Exercise requirements:
Look through the data below for the line with "by rewrite map_inj_uniq ?enum_uniq.", and transcribe it exactly together with each line after it up to and including the line with "rewrite /gdist card_ord.". Give nothing else.

Collected data entries:
===============

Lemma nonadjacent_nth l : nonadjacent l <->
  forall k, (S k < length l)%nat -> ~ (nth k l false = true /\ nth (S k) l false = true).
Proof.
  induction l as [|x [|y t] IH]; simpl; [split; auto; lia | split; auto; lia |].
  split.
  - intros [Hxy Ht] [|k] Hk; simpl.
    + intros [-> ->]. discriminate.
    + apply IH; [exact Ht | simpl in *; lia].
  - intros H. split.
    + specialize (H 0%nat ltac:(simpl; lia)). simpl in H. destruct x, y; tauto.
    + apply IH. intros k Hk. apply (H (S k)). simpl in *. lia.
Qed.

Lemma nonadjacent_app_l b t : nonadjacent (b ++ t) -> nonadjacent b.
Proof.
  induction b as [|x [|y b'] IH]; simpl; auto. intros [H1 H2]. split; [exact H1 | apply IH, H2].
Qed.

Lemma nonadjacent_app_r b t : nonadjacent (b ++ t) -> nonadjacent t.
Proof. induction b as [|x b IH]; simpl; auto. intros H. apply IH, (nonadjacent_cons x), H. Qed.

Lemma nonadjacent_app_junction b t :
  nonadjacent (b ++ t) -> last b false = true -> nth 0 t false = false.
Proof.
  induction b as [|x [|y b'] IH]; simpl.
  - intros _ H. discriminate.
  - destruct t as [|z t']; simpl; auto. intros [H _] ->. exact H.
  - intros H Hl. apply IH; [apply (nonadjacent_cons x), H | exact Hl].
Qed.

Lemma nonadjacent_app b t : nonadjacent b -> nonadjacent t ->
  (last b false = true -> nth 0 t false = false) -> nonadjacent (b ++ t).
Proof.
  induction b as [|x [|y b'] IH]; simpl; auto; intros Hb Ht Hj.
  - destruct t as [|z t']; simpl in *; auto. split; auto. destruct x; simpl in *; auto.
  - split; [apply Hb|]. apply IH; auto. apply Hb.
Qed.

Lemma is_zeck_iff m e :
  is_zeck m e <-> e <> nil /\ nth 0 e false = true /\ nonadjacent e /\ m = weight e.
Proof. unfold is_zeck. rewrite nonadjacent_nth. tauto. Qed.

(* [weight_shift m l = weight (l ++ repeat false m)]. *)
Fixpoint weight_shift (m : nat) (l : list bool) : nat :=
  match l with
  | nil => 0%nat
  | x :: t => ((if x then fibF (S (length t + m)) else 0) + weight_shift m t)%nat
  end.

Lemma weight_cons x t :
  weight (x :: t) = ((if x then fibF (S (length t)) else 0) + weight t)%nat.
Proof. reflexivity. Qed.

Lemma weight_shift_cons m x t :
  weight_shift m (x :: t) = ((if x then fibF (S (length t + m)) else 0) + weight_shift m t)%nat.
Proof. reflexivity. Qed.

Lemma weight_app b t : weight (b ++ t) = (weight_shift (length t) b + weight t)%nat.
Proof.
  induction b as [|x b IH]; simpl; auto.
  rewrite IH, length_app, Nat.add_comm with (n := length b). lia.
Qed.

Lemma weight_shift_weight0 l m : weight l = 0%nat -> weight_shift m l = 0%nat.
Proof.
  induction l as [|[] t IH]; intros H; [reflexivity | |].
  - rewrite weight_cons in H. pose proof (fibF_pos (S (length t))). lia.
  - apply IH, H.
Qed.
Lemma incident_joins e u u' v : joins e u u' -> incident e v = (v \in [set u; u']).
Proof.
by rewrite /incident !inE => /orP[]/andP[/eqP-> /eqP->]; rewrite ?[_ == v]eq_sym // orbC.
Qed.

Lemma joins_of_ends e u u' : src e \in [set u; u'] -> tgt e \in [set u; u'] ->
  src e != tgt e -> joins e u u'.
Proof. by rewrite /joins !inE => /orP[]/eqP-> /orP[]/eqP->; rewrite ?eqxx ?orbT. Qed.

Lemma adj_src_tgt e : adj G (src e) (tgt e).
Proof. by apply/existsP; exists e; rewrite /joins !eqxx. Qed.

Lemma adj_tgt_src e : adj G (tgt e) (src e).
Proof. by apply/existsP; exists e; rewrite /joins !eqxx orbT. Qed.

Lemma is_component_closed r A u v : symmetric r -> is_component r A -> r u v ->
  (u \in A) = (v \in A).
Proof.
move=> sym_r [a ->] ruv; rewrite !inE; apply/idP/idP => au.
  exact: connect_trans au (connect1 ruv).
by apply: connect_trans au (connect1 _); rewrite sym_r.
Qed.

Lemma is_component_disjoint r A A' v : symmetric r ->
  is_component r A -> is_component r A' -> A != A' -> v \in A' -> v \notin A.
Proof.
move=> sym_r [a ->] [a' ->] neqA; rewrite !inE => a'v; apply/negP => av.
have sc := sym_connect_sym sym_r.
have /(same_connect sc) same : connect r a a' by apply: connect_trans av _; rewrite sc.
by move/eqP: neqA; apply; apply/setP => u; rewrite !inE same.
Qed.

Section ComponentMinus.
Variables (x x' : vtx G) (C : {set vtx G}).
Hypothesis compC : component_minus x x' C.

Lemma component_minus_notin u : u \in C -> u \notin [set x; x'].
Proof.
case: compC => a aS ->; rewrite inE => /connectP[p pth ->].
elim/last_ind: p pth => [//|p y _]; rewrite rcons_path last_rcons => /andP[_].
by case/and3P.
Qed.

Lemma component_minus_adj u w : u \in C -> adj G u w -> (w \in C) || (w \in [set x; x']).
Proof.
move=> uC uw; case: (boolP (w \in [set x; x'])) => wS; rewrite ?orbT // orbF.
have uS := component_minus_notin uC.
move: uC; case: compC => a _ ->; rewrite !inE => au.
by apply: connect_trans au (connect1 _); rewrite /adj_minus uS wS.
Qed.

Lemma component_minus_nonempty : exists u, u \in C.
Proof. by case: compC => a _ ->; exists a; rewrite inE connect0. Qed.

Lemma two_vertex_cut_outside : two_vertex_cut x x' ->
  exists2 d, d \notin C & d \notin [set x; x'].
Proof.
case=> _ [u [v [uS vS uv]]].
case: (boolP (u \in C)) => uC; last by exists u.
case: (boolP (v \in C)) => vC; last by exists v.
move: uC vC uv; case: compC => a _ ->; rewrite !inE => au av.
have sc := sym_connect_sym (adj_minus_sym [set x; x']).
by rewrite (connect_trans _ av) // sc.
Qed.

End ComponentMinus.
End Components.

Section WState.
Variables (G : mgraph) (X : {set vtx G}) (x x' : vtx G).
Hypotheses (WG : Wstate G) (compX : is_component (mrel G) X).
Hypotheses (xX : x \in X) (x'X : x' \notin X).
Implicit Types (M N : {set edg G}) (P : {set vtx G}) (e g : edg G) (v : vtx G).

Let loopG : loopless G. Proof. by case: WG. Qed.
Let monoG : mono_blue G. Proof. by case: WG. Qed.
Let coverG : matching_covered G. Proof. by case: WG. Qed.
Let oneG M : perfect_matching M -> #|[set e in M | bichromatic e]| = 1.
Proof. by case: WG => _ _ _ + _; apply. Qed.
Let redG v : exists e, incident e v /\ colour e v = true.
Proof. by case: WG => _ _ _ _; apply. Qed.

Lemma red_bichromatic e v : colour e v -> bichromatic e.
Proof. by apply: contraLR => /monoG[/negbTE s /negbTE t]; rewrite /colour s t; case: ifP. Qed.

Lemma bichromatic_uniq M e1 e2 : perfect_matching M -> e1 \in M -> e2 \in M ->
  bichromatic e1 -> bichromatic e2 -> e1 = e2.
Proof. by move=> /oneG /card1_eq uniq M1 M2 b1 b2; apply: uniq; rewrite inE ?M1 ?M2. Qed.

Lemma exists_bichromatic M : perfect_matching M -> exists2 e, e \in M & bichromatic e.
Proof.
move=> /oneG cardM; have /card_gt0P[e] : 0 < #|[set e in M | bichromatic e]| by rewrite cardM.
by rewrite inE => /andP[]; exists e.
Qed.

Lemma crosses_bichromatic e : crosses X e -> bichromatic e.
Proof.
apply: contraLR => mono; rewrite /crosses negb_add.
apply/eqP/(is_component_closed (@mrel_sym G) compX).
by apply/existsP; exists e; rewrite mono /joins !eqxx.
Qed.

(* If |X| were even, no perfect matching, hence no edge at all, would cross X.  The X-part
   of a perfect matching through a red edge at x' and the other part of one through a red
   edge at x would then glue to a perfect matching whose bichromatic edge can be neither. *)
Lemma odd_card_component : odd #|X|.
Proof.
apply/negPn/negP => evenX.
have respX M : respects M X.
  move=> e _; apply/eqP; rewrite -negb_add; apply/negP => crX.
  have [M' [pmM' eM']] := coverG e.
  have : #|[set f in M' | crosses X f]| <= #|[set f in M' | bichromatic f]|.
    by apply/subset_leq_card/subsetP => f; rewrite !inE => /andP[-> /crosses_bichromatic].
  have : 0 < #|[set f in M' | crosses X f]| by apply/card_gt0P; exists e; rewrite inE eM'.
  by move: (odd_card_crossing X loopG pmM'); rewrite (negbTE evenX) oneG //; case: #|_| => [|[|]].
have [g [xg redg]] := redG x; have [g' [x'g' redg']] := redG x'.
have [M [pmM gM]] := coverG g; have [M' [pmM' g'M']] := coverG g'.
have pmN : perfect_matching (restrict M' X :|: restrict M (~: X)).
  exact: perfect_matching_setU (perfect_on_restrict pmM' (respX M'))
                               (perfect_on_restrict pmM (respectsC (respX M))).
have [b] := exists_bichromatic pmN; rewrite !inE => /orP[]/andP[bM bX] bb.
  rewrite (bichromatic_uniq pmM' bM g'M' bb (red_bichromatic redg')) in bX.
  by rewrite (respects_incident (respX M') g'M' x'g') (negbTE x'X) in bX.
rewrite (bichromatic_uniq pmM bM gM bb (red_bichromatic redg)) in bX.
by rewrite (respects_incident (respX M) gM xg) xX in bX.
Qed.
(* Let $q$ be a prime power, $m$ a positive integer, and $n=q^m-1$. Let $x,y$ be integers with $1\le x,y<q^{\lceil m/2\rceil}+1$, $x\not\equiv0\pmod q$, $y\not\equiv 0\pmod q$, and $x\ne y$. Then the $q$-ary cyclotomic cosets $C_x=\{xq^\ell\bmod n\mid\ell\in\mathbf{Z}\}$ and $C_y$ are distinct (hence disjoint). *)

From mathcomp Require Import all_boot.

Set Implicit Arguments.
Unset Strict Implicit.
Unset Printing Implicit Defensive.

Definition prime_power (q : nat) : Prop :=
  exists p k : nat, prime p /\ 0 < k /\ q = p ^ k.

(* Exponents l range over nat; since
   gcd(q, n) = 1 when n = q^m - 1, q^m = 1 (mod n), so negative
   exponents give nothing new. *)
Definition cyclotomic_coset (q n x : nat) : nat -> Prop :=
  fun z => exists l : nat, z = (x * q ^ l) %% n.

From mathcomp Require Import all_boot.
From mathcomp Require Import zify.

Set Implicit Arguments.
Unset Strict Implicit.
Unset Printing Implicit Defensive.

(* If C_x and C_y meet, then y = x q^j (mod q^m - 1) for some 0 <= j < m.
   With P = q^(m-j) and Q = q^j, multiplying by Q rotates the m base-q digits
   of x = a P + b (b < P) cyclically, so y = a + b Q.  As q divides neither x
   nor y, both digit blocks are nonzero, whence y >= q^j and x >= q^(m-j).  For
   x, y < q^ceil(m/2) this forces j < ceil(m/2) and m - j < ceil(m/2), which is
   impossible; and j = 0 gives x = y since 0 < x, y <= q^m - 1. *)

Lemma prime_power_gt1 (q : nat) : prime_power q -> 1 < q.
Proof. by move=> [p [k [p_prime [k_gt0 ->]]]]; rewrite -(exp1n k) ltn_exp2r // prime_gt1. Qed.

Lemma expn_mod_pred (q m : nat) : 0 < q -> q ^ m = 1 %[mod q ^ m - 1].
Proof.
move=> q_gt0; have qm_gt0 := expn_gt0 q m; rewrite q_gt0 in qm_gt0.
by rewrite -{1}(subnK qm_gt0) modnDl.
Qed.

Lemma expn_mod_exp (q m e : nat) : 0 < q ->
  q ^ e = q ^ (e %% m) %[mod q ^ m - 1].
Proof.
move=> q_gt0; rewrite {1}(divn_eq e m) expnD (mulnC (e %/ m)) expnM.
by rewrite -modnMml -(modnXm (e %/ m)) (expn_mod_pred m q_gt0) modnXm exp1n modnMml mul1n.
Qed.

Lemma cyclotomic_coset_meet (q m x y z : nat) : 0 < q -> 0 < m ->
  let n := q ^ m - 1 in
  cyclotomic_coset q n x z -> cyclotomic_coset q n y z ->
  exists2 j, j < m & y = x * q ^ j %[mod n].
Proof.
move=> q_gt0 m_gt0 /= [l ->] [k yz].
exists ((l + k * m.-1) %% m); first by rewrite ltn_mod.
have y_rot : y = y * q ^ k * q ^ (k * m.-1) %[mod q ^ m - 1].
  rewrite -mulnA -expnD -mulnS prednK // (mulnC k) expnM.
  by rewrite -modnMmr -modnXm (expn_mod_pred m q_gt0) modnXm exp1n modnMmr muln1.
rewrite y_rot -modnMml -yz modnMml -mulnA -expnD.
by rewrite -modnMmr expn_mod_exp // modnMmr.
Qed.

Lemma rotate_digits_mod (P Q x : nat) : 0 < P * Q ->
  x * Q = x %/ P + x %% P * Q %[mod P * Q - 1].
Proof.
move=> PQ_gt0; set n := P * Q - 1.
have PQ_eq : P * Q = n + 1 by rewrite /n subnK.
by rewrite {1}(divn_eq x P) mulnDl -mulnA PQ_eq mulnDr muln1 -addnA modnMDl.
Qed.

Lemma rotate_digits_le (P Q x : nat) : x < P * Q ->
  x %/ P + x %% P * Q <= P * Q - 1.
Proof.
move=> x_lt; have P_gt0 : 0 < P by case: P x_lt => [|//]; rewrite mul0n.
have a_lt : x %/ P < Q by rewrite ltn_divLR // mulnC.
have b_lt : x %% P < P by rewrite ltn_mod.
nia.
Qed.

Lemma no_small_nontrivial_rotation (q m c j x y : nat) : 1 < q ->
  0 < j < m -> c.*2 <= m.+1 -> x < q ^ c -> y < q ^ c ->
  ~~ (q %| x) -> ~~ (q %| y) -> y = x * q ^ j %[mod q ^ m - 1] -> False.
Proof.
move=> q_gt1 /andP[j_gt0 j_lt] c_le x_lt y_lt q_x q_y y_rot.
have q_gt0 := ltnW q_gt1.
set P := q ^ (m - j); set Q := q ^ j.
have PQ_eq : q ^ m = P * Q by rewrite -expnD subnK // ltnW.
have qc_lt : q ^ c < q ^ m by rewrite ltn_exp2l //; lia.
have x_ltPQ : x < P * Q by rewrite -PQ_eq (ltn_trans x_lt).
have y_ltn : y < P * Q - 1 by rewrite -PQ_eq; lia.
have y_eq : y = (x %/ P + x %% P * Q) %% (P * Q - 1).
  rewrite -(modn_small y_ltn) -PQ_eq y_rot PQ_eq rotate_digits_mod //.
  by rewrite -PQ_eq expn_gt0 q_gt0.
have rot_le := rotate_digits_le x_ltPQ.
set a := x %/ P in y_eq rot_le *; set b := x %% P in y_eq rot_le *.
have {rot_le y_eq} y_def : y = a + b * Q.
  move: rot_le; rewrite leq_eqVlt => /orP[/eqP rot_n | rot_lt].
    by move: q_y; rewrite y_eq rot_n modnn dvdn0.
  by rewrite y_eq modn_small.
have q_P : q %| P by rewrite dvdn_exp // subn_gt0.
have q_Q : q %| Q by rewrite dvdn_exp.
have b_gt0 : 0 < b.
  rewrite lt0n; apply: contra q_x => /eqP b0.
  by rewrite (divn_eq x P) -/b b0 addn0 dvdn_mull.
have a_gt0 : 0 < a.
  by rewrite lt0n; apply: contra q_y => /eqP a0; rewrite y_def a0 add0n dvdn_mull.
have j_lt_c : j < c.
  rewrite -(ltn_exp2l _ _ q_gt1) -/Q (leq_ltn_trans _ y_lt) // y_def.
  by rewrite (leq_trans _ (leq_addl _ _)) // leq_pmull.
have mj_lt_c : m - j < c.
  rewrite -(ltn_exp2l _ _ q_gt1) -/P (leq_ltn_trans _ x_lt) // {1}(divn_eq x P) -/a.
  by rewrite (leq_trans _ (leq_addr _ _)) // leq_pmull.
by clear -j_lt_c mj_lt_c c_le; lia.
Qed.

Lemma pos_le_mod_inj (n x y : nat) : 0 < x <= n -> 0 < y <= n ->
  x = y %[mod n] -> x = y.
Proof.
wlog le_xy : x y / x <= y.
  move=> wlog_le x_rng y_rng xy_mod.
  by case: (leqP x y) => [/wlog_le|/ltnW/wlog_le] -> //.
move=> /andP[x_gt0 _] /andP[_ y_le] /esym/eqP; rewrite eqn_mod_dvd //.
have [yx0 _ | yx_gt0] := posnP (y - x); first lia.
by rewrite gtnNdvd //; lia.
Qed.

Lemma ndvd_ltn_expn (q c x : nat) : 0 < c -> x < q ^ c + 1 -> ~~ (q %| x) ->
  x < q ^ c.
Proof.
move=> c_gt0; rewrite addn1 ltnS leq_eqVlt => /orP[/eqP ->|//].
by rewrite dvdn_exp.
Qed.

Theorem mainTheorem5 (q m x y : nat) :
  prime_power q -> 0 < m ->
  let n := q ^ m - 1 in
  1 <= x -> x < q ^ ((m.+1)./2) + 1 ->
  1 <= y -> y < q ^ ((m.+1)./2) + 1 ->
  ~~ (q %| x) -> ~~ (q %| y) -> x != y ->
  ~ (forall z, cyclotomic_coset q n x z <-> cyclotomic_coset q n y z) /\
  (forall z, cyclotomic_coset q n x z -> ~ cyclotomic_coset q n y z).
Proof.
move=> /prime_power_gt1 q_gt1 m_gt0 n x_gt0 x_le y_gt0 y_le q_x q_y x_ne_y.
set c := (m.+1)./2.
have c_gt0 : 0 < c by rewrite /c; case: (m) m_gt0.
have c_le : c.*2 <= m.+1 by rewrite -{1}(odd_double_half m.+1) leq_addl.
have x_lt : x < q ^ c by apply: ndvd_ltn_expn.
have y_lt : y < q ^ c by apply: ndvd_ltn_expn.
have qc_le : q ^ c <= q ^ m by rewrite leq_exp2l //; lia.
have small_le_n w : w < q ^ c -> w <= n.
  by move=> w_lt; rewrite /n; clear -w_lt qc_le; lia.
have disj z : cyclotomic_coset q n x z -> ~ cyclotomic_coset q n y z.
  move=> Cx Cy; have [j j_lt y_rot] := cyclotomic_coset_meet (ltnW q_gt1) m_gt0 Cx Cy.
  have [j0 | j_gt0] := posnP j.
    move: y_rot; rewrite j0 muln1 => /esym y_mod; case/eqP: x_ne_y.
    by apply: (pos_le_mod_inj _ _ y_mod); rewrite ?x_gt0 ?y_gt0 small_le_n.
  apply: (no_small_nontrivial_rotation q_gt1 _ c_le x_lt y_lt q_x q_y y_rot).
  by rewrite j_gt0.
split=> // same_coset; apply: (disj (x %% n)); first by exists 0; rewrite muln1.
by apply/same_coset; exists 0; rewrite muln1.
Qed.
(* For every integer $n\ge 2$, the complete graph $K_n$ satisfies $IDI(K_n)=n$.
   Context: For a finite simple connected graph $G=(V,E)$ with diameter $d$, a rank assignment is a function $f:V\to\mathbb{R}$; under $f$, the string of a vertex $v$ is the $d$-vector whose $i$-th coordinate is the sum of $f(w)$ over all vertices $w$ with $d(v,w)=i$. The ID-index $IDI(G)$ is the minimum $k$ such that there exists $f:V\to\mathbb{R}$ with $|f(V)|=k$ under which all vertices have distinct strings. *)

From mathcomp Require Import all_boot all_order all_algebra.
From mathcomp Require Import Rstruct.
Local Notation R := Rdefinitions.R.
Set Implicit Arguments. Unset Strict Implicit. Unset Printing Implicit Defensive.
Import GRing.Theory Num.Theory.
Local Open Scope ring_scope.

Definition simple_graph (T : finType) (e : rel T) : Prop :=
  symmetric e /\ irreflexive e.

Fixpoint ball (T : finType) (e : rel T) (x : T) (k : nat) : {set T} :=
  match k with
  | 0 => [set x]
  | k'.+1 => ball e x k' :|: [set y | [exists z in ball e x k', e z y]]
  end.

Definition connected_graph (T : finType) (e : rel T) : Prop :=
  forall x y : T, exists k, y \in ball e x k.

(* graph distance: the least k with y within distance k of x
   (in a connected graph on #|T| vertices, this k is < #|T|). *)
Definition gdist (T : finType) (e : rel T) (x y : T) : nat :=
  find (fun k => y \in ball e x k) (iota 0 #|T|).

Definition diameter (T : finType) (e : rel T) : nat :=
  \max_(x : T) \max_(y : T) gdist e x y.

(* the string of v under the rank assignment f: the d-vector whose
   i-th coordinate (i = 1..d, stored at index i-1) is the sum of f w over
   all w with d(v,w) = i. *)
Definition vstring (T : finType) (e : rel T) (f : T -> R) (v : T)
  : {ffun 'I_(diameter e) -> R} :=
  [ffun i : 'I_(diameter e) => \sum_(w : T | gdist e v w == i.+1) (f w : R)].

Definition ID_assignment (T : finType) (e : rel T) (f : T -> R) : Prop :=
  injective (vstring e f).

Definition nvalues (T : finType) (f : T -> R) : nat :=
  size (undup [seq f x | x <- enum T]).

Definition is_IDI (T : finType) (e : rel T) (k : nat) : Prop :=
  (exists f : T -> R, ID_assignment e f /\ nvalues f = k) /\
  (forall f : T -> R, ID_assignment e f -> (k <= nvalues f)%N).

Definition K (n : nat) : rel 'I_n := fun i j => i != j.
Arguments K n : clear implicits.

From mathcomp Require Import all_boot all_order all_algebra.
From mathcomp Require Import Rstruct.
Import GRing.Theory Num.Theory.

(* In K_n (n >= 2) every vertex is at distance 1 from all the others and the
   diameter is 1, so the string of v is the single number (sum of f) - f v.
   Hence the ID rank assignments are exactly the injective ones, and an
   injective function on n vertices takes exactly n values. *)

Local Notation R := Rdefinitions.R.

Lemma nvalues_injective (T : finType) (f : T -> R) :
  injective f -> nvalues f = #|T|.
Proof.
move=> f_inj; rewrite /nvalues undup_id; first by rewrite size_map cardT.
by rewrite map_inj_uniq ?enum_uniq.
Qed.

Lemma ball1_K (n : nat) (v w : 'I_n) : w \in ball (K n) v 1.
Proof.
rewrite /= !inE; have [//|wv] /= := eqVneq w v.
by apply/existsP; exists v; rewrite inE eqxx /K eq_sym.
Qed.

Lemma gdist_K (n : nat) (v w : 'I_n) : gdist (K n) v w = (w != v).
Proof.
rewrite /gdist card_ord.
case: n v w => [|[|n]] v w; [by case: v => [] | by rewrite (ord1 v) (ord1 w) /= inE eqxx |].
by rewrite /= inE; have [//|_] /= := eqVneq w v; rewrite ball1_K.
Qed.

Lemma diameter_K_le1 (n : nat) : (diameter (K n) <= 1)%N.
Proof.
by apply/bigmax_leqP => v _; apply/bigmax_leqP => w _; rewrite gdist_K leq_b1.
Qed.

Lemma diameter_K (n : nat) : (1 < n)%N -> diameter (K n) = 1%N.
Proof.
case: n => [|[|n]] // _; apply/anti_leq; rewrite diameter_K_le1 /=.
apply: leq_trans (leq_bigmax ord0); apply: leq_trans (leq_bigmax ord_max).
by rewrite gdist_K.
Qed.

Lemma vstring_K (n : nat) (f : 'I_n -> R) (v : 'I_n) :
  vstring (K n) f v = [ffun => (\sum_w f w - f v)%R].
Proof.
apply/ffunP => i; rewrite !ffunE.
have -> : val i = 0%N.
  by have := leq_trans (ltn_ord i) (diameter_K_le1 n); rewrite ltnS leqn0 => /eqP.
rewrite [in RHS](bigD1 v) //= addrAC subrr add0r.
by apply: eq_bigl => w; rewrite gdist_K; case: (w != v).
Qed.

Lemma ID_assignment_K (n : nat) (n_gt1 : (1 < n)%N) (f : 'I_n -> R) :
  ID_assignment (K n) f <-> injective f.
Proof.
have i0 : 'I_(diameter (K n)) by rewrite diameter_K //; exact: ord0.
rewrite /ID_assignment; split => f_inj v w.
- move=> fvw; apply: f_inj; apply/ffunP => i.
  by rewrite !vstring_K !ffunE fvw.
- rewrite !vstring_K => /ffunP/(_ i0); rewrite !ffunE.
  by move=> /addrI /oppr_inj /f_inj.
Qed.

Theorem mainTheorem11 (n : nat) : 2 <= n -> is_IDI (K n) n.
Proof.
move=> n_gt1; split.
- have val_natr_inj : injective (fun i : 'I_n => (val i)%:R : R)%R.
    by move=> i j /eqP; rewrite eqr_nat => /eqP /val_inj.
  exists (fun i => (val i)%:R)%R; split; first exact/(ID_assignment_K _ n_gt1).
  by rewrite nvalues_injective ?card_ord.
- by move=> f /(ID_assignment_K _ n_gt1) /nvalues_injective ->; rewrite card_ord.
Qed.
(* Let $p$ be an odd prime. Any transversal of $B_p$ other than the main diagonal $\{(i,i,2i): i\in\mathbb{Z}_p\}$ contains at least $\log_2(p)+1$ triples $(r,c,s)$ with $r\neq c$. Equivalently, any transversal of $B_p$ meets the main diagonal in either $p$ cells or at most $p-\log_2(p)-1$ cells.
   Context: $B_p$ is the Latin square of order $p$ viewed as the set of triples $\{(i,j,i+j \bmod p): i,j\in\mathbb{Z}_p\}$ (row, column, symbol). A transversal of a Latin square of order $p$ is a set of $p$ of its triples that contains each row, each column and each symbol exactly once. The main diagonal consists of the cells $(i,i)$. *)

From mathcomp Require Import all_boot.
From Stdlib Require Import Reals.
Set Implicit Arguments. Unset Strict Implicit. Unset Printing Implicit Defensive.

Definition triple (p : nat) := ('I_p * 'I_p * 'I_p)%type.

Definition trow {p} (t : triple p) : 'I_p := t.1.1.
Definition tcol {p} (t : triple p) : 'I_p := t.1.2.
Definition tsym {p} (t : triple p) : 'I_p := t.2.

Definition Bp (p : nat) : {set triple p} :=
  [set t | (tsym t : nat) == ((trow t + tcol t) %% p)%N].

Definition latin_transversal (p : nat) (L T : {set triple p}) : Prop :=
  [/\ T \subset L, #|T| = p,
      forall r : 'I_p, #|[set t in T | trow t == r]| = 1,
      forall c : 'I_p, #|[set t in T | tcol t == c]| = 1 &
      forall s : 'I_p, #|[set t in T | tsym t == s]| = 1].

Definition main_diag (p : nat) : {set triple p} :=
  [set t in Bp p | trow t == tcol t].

===============

Solution to this task:
by rewrite map_inj_uniq ?enum_uniq.
Qed.

Lemma ball1_K (n : nat) (v w : 'I_n) : w \in ball (K n) v 1.
Proof.
rewrite /= !inE; have [//|wv] /= := eqVneq w v.
by apply/existsP; exists v; rewrite inE eqxx /K eq_sym.
Qed.

Lemma gdist_K (n : nat) (v w : 'I_n) : gdist (K n) v w = (w != v).
Proof.
rewrite /gdist card_ord.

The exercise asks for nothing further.